Another strategy for covering mid-range value items, like electronics, is to buy special perils coverage. This covers bizarre accidents that caused damage or destroyed your personal belongings, and not just theft. You spill wine on that antique ink-dyed rug? It’s covered under special perils. You throw your Wii remote through the TV screen? Covered under special perils. When your new, huge TV spontaneously combusts in front of your eyes? Covered under special perils.

Your stamp collection and electronics collection destroyed by flood water? NOT covered. Similarly to the way homeowners insurance won’t pay for structural flood damage, it won’t pay for damaged or destroyed contents either. If you’re in a high-risk zone and have a mortgage from a federally regulated or insured lender, you’re required to carry flood coverage. However, flood insurance, a federally-run insurance policy only available from the National Flood Insurance Program (NFIP), doesn’t cover personal belongings/contents. However, NFIP offers a second flood insurance policy solely for contents with $100K limits, the only way to insure contents against flood. Flood insurance isn’t as pricey as you may think, and can be priceless in flood losses. For $100K in building coverage and $40K in contents coverage, premiums start at $274 a year. Whether in a high-risk flood zone or not, suffering huge losses because of failure to know policy limits is frustrating enough. Imagine the frustration upon discovering you have absolutely no coverage for contents destroyed or damaged by flood.

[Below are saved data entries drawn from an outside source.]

Lemma gform_ddiag : g = ddiag (fun I => (#|I| == 1%N)%:R).
Proof.
apply/ffunP => -[I J]; rewrite sum_ffunE ffunE /=.
have [/eqP/cards1P[i ->]|nI1] := eqVneq #|I| 1%N.
  rewrite (bigD1 i) //= big1 => [|j nji]; last first.
    by rewrite ffunE xpair_eqE (inj_eq set1_inj) eq_sym (negbTE nji).
  by rewrite ffunE xpair_eqE eqxx addr0 mulr1 eq_sym.
rewrite mulr0 big1 // => j _; rewrite ffunE xpair_eqE.
by case: eqP => [eI|] //=; rewrite eI cards1 eqxx in nI1.
Qed.

Lemma sum_card1_subset X :
  \sum_(I : {set 'I_n} | I \subset X) (#|I| == 1%N)%:R = #|X|%:R :> R.
Proof.
rewrite -[#|X|]bin1 -cards_draws -sumr_const big_mkcond [RHS]big_mkcond.
by apply: eq_bigr => I _; rewrite inE; case: (I \subset X); case: (_ == _).
Qed.

Lemma gpow_ddiag k : dpow g k = ddiag (fun I => k`!%:R * (#|I| == k)%:R).
Proof.
elim: k => [|k IHk].
  apply/ffunP => -[I J]; rewrite !ffunE /= xpair_eqE mul1r cards_eq0.
  by case: (eqVneq I set0) => [->|_]; rewrite /= ?mulr1 ?mulr0 // eq_sym.
rewrite /dpow iterS -/(dpow g k) IHk gform_ddiag dmul_ddiag.
apply/ffunP => -[X Y]; rewrite !ffunE /=; congr (_ * _).
transitivity (\sum_(I : {set 'I_n} | I \subset X)
  (k`!%:R : R) * (#|X| == k.+1)%:R * (#|I| == 1%N)%:R).
  apply: eq_bigr => I IX; rewrite (cardsDS IX) mulrC.
  have [I1|] := eqVneq #|I| 1%N; last by rewrite !mulr0.
  have X_gt0 : (0 < #|X|)%N by rewrite -I1 subset_leq_card.
  by rewrite I1 !mulr1; congr (_ * _%:R); apply/eqP/eqP; lia.
rewrite -big_distrr /= sum_card1_subset factS natrM.
have [->|_] := eqVneq #|X| k.+1; last by rewrite !mulr0 mul0r.
by rewrite !mulr1 mulrC.
Qed.

(* [g^k / k!], the identity of [Lambda^k V] read as a [(k, k)] double form. *)
Definition dunit k : dform n R := ddiag (fun I => (#|I| == k)%:R).

Lemma dscale_gpow k : dscale (k`!%:R^-1) (dpow g k) = dunit k.
Proof.
apply/ffunP => AB; rewrite !ffunE gpow_ddiag ffunE mulrCA mulKf //.
by rewrite pnatr_eq0 -lt0n fact_gt0.
Qed.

We value the roof over our head, but in some cases, it’s what’s under our roof that can mean the most, as well as possibly carry a higher value (relatively speaking) than our home. Even minimalists hold on to certain items that have intrinsic value. For families who own property of any kind that’s worth a lot of money, it’s relatively inexpensive to obtain sufficient coverage by some means. That extra coverage is worth every penny — just as long as it’s not a penny from your coin collection.